▶ [WORK INSTRUCTIONS]
The response must reproduce exactly every line of the material below holding the word "rewrite".
***** EXERCISE INPUTS
Theorem cr_eq_dc (R : realType) (G : groupType) (S : seq G) (F : nat -> {fset G}) :
  (forall g, generated *%g (@monoid.inv G) 1%g S g) -> (forall n, F n != fset0) ->
  left_Folner R *%g F -> right_Folner R *%g F ->
  cr R *%g (@monoid.inv G) F = dc R *%g F.
Proof.
move=> S_gen F0 F_left F_right.
apply: limn_sup_eq_of_sub_cvg0.
- by apply: (@bounded_fun_norm_le _ _ 1) => n; apply: norm_class_ratio_le1.
- by apply: (@bounded_fun_norm_le _ _ 1) => n; apply: norm_commute_ratio_le1.
apply: (@cvg0_of_le_inv_add _ _
  (fun r n => (folner_defect S (F n) r.+1)%:R / #|` F n|%:R)%R) => r.
  exact: folner_defect_cvg0.
by move=> n; apply: dist_class_commute_ratio_le.
Qed.

(* [{fset G}] and [{fset group_of HG}] are different types, since structures have no
   eta rule, so finite sets are transported explicitly. *)
Section GroupOfTransport.
Variables (R : realType) (G : choiceType) (mul : G -> G -> G) (inv : G -> G) (e : G).
Hypothesis HG : is_group mul inv e.
Local Notation gT := (group_of HG).
Local Open Scope classical_set_scope.

Definition fset_group_of (A : {fset G}) : {fset gT} := [fset (x : gT) | x : G in A].

Lemma in_fset_group_of A (x : G) : (x \in fset_group_of A) = (x \in A).
Proof. exact: (mem_imfset _ _ (f := fun x : G => x : gT)). Qed.

Lemma card_fset_group_of A : #|` fset_group_of A| = #|` A|.
Proof. exact: card_imfset. Qed.

Lemma symdiff_group_of A B :
  symdiff (fset_group_of A) (fset_group_of B) = fset_group_of (symdiff A B).
Proof. by apply/fsetP => x; rewrite !inE !in_fset_group_of !inE. Qed.

Lemma imfset_group_of (f : G -> G) A :
  [fset (f y : gT) | y : gT in fset_group_of A] = fset_group_of [fset f y | y in A].
Proof. by rewrite /fset_group_of -!imfset_comp. Qed.

Lemma generated_group_of S x :
  generated mul inv e S x -> generated *%g (@monoid.inv gT) 1%g S x.
Proof. by elim=> *; constructor. Qed.

Lemma left_Folner_group_of F :
  left_Folner R mul F -> left_Folner R *%g (fset_group_of \o F).
Proof.
move=> FL x /=; under eq_fun do
  rewrite (imfset_group_of (mul x)) symdiff_group_of !card_fset_group_of.
exact: FL.
Qed.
**********
▶ [RESULT FOR THIS TASK]
Proof. by apply/fsetP => x; rewrite !inE !in_fset_group_of !inE. Qed.
Proof. by rewrite /fset_group_of -!imfset_comp. Qed.
  rewrite (imfset_group_of (mul x)) symdiff_group_of !card_fset_group_of.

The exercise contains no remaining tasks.